THE DEFICIENCY TAX ASSESSMENT AGAINST GDI OBTAINED FINALITY.
ReplyDeleteThe deficiency tax assessment against GDI amounting to P1.56 billion, including increments, for year 2007, obtained finality because GDI’s letter of protest against the Formal Letter of Demand and Assessment Notice (FAN) was INVALID.
The alleged letter of protest of GDI merely states “protest against PAN adopted in toto”. It does not state the facts, the applicable law, rules and regulations, or jurisprudence on which its protest was based. It is neither a request for reconsideration nor reinvestigation.
The rules on protesting an assessment is found in Section 3 subsection 3.1.5 of RR No. 12-99, as amended, that reads:
“Disputed Assessment. – The taxpayer or his duly authorized representative may protest administratively against the aforesaid formal letter of demand and assessment notice within thirty (30) days from date of receipt thereof.
The taxpayer shall state the FACTS, the applicable LAW, RULES and REGULATIONS or JURISPRUDENCE on which his protest is based, otherwise, his protest shall be considered VOID and WITHOUT FORCE AND EFFECT.
If the taxpayer fails to file a VALID PROTEST against the formal letter of demand and assessment notice within thirty (30) days from date of receipt thereof, the assessment shall become FINAL, EXECUTORY and DEMANDABLE.”
The said Regulations must be taken in relation to Section 228 of the 1997 Tax Code, as amended, which reads:
“Protesting an assessment. – Such assessment may be protested administratively by filing a REQUEST FOR RECONSIDERATION or REINVESTIGATION within thirty (30) days from receipt of the assessment in such form and manner as may be prescribed by implementing rules and regulations. x x x otherwise, the assessment shall become FINAL.”
Clearly, what the law demands is a VALID administrative protest against the formal letter of demand and assessment notice which required the taxpayer to comply with the following:
(a) The protest must be through a REQUEST FOR RECONSIDERATION or REINVESTIGATION;
(b) The protest must be in the form and manner as prescribed under RR No. 12-99, as amended, which provides that said protest must state the FACTS, the LAW, RULES and REGULATIONS, or JURISPRUDENCE on which the protest is based; and
(c) Must be filed within thirty (30) days from receipt of the assessment.
The COURT OF TAX APPEALS in the case of Allied Banking Corporation vs. Commissioner of Internal Revenue (CTA Case No. 4581, March 25, 1992, cited that, “[f]ailure to comply with any or all of these requirements results in the assessment against the taxpayer becoming final and unappealable.”
The letter of protest should not just state “protest against PAN adopted in toto” because the administrative protest required to be filed as an answer to the formal letter of demand and assessment notice is distinct and not the same as the protest filed against the PAN.

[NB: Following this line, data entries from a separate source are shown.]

(* Consider the setting described in the context, with $\rho>0$, $\gamma>0$, symmetric positive semidefinite $P_i,Q_i\in\mathbb{R}^{n\times n}$, and let $\bm{u}^k=(\check{\bm{W}}^k,\hat{\bm{W}}^k,\lambda^k)$ be the sequence generated by the algorithm and $\bm{u}^*=(\check{\bm{W}}^*,\hat{\bm{W}}^*,\lambda^* )$ a KKT point of (P1). Then for every $k\ge 1$, $$\|\bm{u}^k-\bm{u}^*\|^2_{\bm{G}}-\|\bm{u}^{k+1}-\bm{u}^*\|^2_{\bm{G}}\ \ge\ \|\bm{u}^k-\bm{u}^{k+1}\|^2_{\bm{M}},$$ where $$\|\bm{u}^k-\bm{u}^{k+1}\|^2_{\bm{M}}=\|\check{\bm{W}}^k-\check{\bm{W}}^{k+1}\|^2_{\bm{G}_1}+\|\hat{\bm{W}}^k-\hat{\bm{W}}^{k+1}\|^2_{\bm{G}_2-\bm{G}_3}+\frac{2-\gamma}{\gamma^2\rho}\|\lambda^k-\lambda^{k+1}\|^2+\frac{2}{\gamma}(\lambda^k-\lambda^{k+1})^T\bm{A}(\check{\bm{W}}^k-\check{\bm{W}}^{k+1}).$$
   Context: Let $\mathcal{G}=(\mathcal{V},\mathcal{E})$ be a connected undirected graph with $\mathcal{V}=\{1,\dots,N\}$, $N\ge 2$, and let $d_i$ be the degree of $i$. Variables are $\check{\bm{w}}_i,\hat{\bm{w}}_i\in\mathbb{R}^n$; write $\check{\bm{W}}=(\check{\bm{w}}_1,\dots,\check{\bm{w}}_N)\in\mathbb{R}^{Nn}$, $\hat{\bm{W}}$ likewise, $\bm{z}_i=(\check{\bm{w}}_i,\hat{\bm{w}}_i)$, $\bm{Z}=(\check{\bm{W}},\hat{\bm{W}})$. The matrix $\bm{A}\in\mathbb{R}^{|\mathcal{E}|n\times Nn}$ has one block row per edge $\{i,j\}$ ($i<j$) with $I_n$ in block column $i$, $-I_n$ in block column $j$ and zeros elsewhere; $A_i$ denotes its $i$-th block column, so $\bm{A}\check{\bm{W}}=\sum_i A_i\check{\bm{w}}_i$, $A_i^TA_i=d_iI_n$, and for $i\ne j$, $A_i^TA_j=-I_n$ if $\{i,j\}\in\mathcal{E}$ and $0$ otherwise. Each $f_i:\mathbb{R}^n\times\mathbb{R}^n\to\mathbb{R}$ is differentiable and jointly convex in $(\check{\bm{w}}_i,\hat{\bm{w}}_i)$, with $\|\nabla f_i(\bm{z}^1)-\nabla f_i(\bm{z}^2)\|\le C_i\|\bm{z}^1-\bm{z}^2\|$ for all $\bm{z}^1,\bm{z}^2$. Let $\mu_1\ge0$, $\mu_2>0$, $F_i(\bm{z}_i)=f_i(\check{\bm{w}}_i,\hat{\bm{w}}_i)+\frac{\mu_1}{2}\|\check{\bm{w}}_i\|^2+\frac{\mu_2}{2}\|\hat{\bm{w}}_i\|^2$, $\bm{F}(\bm{Z})=\sum_iF_i(\bm{z}_i)$, and let $m$ be a constant with $0<m\le\mu_2$ (a strong convexity modulus of $\hat{\bm{w}}\mapsto\frac{\mu_2}{2}\|\hat{\bm{w}}\|^2$). Problem (P1): minimize $\bm{F}(\bm{Z})$ subject to $\bm{A}\check{\bm{W}}=0$. A KKT point of (P1) is $(\check{\bm{W}}^*,\hat{\bm{W}}^*,\lambda^* )$ with $\bm{A}\check{\bm{W}}^*=0$, $A_i^T\lambda^*=\nabla_{\check{\bm{w}}_i}F_i(\bm{z}_i^* )$, $\nabla_{\hat{\bm{w}}_i}F_i(\bm{z}_i^* )=0$ for all $i$. Algorithm: with $\mathcal{L}_\rho(\check{\bm{W}},\hat{\bm{W}},\lambda)=\bm{F}(\bm{Z})-\lambda^T\bm{A}\check{\bm{W}}+\frac{\rho}{2}\|\bm{A}\check{\bm{W}}\|^2$, starting from arbitrary $\check{\bm{W}}^0,\hat{\bm{W}}^0,\lambda^0$, for $k=0,1,\dots$: (i) for all $i$ in parallel, $\check{\bm{w}}_i^{k+1}=\arg\min_{\check{\bm{w}}_i}\mathcal{L}_\rho(\check{\bm{w}}_i,\check{\bm{W}}^k_{-i},\hat{\bm{W}}^k,\lambda^k)+\frac12\|\check{\bm{w}}_i-\check{\bm{w}}_i^k\|^2_{P_i}$, where $\check{\bm{W}}^k_{-i}$ are the other blocks at iteration $k$; (ii) $\lambda^{k+1}=\lambda^k-\gamma\rho\bm{A}\check{\bm{W}}^{k+1}$; (iii) for all $i$ in parallel, $\hat{\bm{w}}_i^{k+1}=\arg\min_{\hat{\bm{w}}_i}F_i(\check{\bm{w}}_i^{k+1},\hat{\bm{w}}_i)+\frac12\|\hat{\bm{w}}_i-\hat{\bm{w}}_i^k\|^2_{Q_i}$. Notation: $\|x\|_S^2=x^TSx$; $\bm{G}_1=\mathrm{blkdiag}(\rho A_i^TA_i+P_i)_{i}$, $\bm{G}_2=\mathrm{blkdiag}(Q_i)_i$, $\bm{G}_3=\mathrm{blkdiag}\big(\frac{C_i}{m}(C_i+m)I_n\big)_i$, $\bm{G}=\mathrm{blkdiag}(\bm{G}_1,\bm{G}_2,\frac{1}{\gamma\rho}I)$, and $\bm{M}=\begin{bmatrix}\bm{G}_1&0&\frac1\gamma\bm{A}^T\\0&\bm{G}_2-\bm{G}_3&0\\\frac1\gamma\bm{A}&0&\frac{2-\gamma}{\gamma^2\rho}I\end{bmatrix}$. *)

From HB Require Import structures.
From mathcomp Require Import all_boot all_order all_algebra.
From mathcomp Require Import all_classical all_reals all_analysis.
Unset Implicit Arguments. Unset Printing Implicit Defensive.
Import Order.TTheory GRing.Theory Num.Theory.
Import numFieldNormedType.Exports.
Local Open Scope ring_scope.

The COURT OF TAX APPEALS emphasized in the case of Security Bank Corporation vs. Commissioner of Internal Revenue (CTA Case No. 6564, November 8, 2006) and further accentuated in the case of Bank of the Philippine Islands vs. Commissioner of Internal Revenue (CTA Case No. 7397, April 9, 2008) that:
ReplyDelete“[A] protest to the preliminary assessment notice is not the same as the protest required to be filed as an answer to the final assessment notice. In fact, a preliminary assessment notice may or may not even be protested to by the taxpayer, and the fact of non-protest shall not in any way make the preliminary assessment notice final and unappealable. What is clear from Section 319-A of the Tax Code of 1977, as amended, is that failure on the part of the taxpayer to protest or reply to a preliminary assessment notice paves the way for the issuance of a final assessment notice. However, evident under said Section (now Section 228 of the 1997 Tax Code) is that failure on the part of the taxpayer to file a VALID administrative protest through a REQUEST FOR RECONSIDERATION or REINVESTIGATION on the final assessment notice, shall result in the finality of the said FAN.”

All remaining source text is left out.